Guideline-Based Recommendations

Diagnosis

  • Assess baseline seroprotection and humoral immunity prior to vaccination post-CAR T-cell therapy using commercially available serological assays.
  • Exclude patients who received IVIG within 8 weeks prior to serological testing to avoid confounding antibody levels.

Management

  • Implement vaccination schedules including pneumococcal conjugate vaccines, tetanus/diphtheria/pertussis, Hib, IPV, hepatitis B, and recombinant zoster vaccines post-CAR T-cell therapy.
  • Administer booster doses 6-12 months after primary pneumococcal vaccination series to enhance immune response.
  • Consider timing of vaccination post-CAR T-cell therapy carefully, though optimal timing remains to be established.

Monitoring & Follow-up

  • Perform post-vaccination serological titers to evaluate vaccine response and immunity retention.
  • Use composite measures of vaccine response to categorize patients as global responders, non-responders, or no call to guide clinical decisions.

Risks

  • Recognize that 31% of infections post-BCMA CAR T-cell therapy are vaccine-preventable, underscoring the importance of vaccination despite suboptimal responses.
  • Be aware of persistent immune deficiencies that may limit vaccine efficacy and increase infection risk.

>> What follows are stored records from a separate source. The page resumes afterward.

Hypothesis Gsym : G^T = G.
Hypothesis JJ : J *m J = -1.
Hypothesis J_isometry : forall u v, gR G (J *m u) (J *m v) = gR G u v.
Hypothesis x_orthonormal : forall a b, gR G (x a) (x b) = (a == b)%:R.
Hypothesis y_orthonormal : forall a b, gR G (y a) (y b) = (a == b)%:R.
Hypothesis xy_orthogonal : forall a b, gR G (x a) (y b) = 0.
Hypothesis omega_xx : forall a b, gR G (J *m x a) (x b) = 0.
Hypothesis omega_xy : forall a b, gR G (J *m x a) (y b) = c a * (a == b)%:R.
Hypothesis omega_yy : forall a b, gR G (J *m y a) (y b) = 0.
Hypothesis c2_neq1 : forall a, 1 - c a ^+ 2 != 0.

Lemma gR_Jr u v : gR G u (J *m v) = - gR G (J *m u) v.
Proof. by rewrite -[LHS]J_isometry mulmxA JJ mulNmx mul1mx gRNr. Qed.

Lemma frame_coframe_dual p q : gR G (frame p) (coframe q) = (p == q)%:R.
Proof.
have yx_orthogonal a b : gR G (y a) (x b) = 0 by rewrite gR_sym.
have omega_yx a b : gR G (J *m y a) (x b) = - c b * (a == b)%:R.
  by rewrite gR_sym // gR_Jr omega_xy mulNr eq_sym.
case: p q => [a mu] [b nu]; rewrite /frame /coframe gRZr xpair_eqE -val_eqE /=.
case: a => [[|[|[|[|?]]]] ?] //; case: b => [[|[|[|[|?]]]] ?] //=.
all: rewrite -?scaleNr.
all: repeat match goal with
  | |- context [gR _ ?u (?v + ?w)] => rewrite (gRDr G u v w)
  | |- context [gR _ ?u (?a *: ?v)] => rewrite (gRZr G u a v)
  | |- context [gR _ (J *m ?u) (J *m ?v)] => rewrite (J_isometry u v)
  | |- context [gR _ ?u (J *m ?v)] => rewrite (gR_Jr u v)
  end.
all: rewrite ?x_orthonormal ?y_orthonormal ?xy_orthogonal ?yx_orthogonal.
all: rewrite ?omega_xx ?omega_xy ?omega_yx ?omega_yy.
all: case: (eqVneq mu nu) => [<-|mu_nu]; rewrite ?eqxx ?(negbTE mu_nu) /=.
all: by field; exact: c2_neq1.
Qed.

End DualFrame.

Section PullBack.
Variables (R : realType) (m k : nat) (G J : 'M[R]_m) (dF : 'M[R]_(m, k)).

Lemma gM_gR x y : gR (gM G dF) x y = gR G (dF *m x) (dF *m y).
Proof. by rewrite /gR /gM trmx_mul !mulmxA. Qed.

Lemma gM_unit : (forall v, v != 0 -> 0 < gR G v v) -> \rank dF = k -> gM G dF \in unitmx.
Proof.
move=> Gpos rank_dF; rewrite -row_free_unit; apply: inj_row_free => v vgM0.
have dFt_free : row_free dF^T by rewrite /row_free mxrank_tr rank_dF.
have dFv0 : dF *m v^T = 0.
  have : gR G (dF *m v^T) (dF *m v^T) = 0 by rewrite -gM_gR /gR trmxK vgM0 mul0mx mxE.
  by case: (eqVneq (dF *m v^T) 0) => // /Gpos /[swap] ->; rewrite ltxx.
apply/eqP; rewrite -(mulmx_free_eq0 _ dFt_free) -[v]trmxK -trmx_mul dFv0.
by apply/eqP/matrixP => i j; rewrite !mxE.
Qed.

Lemma pull_omega_endP x y : gM G dF \in unitmx ->
  gR G (J *m (dF *m x)) (dF *m y) = gR (gM G dF) (pull_omega_end G J dF *m x) y.
Proof.
rewrite /gR /pull_omega_end [in RHS]trmx_mul trmxK /pull_omega.
move: (gM G dF) => M Mu.
by rewrite !mulmxA (mulmxKV Mu) !trmx_mul !mulmxA.
Qed.

Lemma pullback_frame_coframe_dual (n : nat) (X Y : 'I_n -> 'cV[R]_k) (c : 'I_n -> R) :
  G^T = G -> J *m J = -1 -> (forall u v, gR G (J *m u) (J *m v) = gR G u v) ->
  gM G dF \in unitmx ->
  (forall a b, [/\ gR (gM G dF) (X a) (X b) = (a == b)%:R,
                   gR (gM G dF) (Y a) (Y b) = (a == b)%:R &
                   gR (gM G dF) (X a) (Y b) = 0]) ->
  (forall a, pull_omega_end G J dF *m X a = c a *: Y a /\
             pull_omega_end G J dF *m Y a = - c a *: X a) ->
  (forall a, 1 - c a ^+ 2 != 0) ->
  let x mu := dF *m X mu in let y mu := dF *m Y mu in
  forall p q, gR G (frame J x y p) (coframe J x y c q) = (p == q)%:R.
Proof.
move=> Gsym JJ J_isometry gMu ON diag c2_neq1 x y.
apply: frame_coframe_dual => // a b; rewrite /x /y.
- by rewrite -gM_gR; case: (ON a b).
- by rewrite -gM_gR; case: (ON a b).
- by rewrite -gM_gR; case: (ON a b).
- rewrite pull_omega_endP // (proj1 (diag a)) gRZl gM_gR gR_sym // -gM_gR.
  by case: (ON b a) => _ _ ->; rewrite mulr0.
- by rewrite pull_omega_endP // (proj1 (diag a)) gRZl; case: (ON a b) => _ -> _.
- rewrite pull_omega_endP // (proj2 (diag a)) gRZl.
  by case: (ON a b) => _ _ ->; rewrite mulr0.
Qed.

End PullBack.

Lemma sin2_neq0 (R : realType) (t : R) : 0 <= t <= pi / 2 -> cos t < 1 -> sin t ^+ 2 != 0.
Proof.
case/andP => t_ge0 t_le_pi2; rewrite sin2cos2 subr_eq0 eq_sym => cos_lt1.
have cos_ge0 : 0 <= cos t.
  apply: cos_ge0_pihalf; rewrite t_le_pi2 andbT (le_trans _ t_ge0) // oppr_le0.
  by rewrite divr_ge0 // pi_ge0.
have cos2_lt1 : cos t ^+ 2 < 1 by rewrite expr2; nra.
by rewrite lt_eqF.
Qed.

Lemma mulmx_Zvec (R : realType) (m k : nat) (A : 'M[R]_(m, k)) (X Y : 'cV[R]_k) :
  toC A *m Zvec X Y = Zvec (A *m X) (A *m Y).
Proof. by rewrite /Zvec /toC -scalemxAr mulmxBr -scalemxAr !map_mxM. Qed.

Lemma mulmx_Zbarvec (R : realType) (m k : nat) (A : 'M[R]_(m, k)) (X Y : 'cV[R]_k) :
  toC A *m Zbarvec X Y = Zbarvec (A *m X) (A *m Y).
Proof. by rewrite /Zbarvec /toC -scalemxAr mulmxDr -scalemxAr !map_mxM. Qed.

Section FrameCurvature.
Variables (R : realType) (m : nat) (Rc : 'I_m -> 'I_m -> 'I_m -> 'I_m -> R) (J : 'M[R]_m).
Hypothesis RK : kaehler_curvature_form (RtenC Rc) (toC J).
Hypothesis JJ : J *m J = -1.

Lemma sum_frame_curv (n : nat) (x y : 'I_n -> 'cV[R]_m) (c : 'I_n -> R) U V mu :
  \sum_(a < 4) RtenC Rc U (toC (frame J x y (a, mu))) V (toC (coframe J x y c (a, mu))) =
  (4 / (1 - c mu ^+ 2))%:C%C * RtenC Rc U (toC J *m V) (Zvec (x mu) (y mu))
     (toC J *m Zbarvec (x mu) (y mu) + ((c mu)%:C%C * 'i%C) *: Zbarvec (x mu) (y mu)).
Proof.
have JJC : toC J *m toC J = -1 by rewrite /toC -map_mxM JJ map_mxN map_mx1.
rewrite !big_ord_recl big_ord0 addr0 !addrA /frame /coframe /= /Zvec /Zbarvec.
rewrite /toC !(map_mxZ, map_mxD, map_mxB, map_mxN, map_mxM) !(curv4Z RK) -!mulrDr.
rewrite (curv_angle_block RK JJC _ _ _ _ _ (i := 'i%C)); last by rewrite -expr2 sqr_i.
by rewrite mulrA; congr (_ * _); rewrite rmorphM rmorph_nat mulrC.
Qed.

End FrameCurvature.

Patient & Prescribing Data

Patients with lymphoma and myeloma receiving commercial CD19- or BCMA-targeted CAR T-cell therapies

Vaccination post-CAR T-cell therapy yields limited humoral responses; BCMA CAR T recipients may have better COVID-19 vaccine responses than CD19 recipients, but overall immunity remains impaired.

Clinical Best Practices

  • Exclude recent IVIG recipients when assessing vaccine-induced antibody responses to avoid false elevations.
  • Use standardized institutional definitions for protective antibody levels and vaccine response thresholds.
  • Employ a comprehensive vaccination schedule covering multiple vaccine-preventable infections tailored to CAR T-cell therapy recipients.
  • Monitor serological responses longitudinally to identify patients who may benefit from additional vaccine doses or alternative preventive strategies.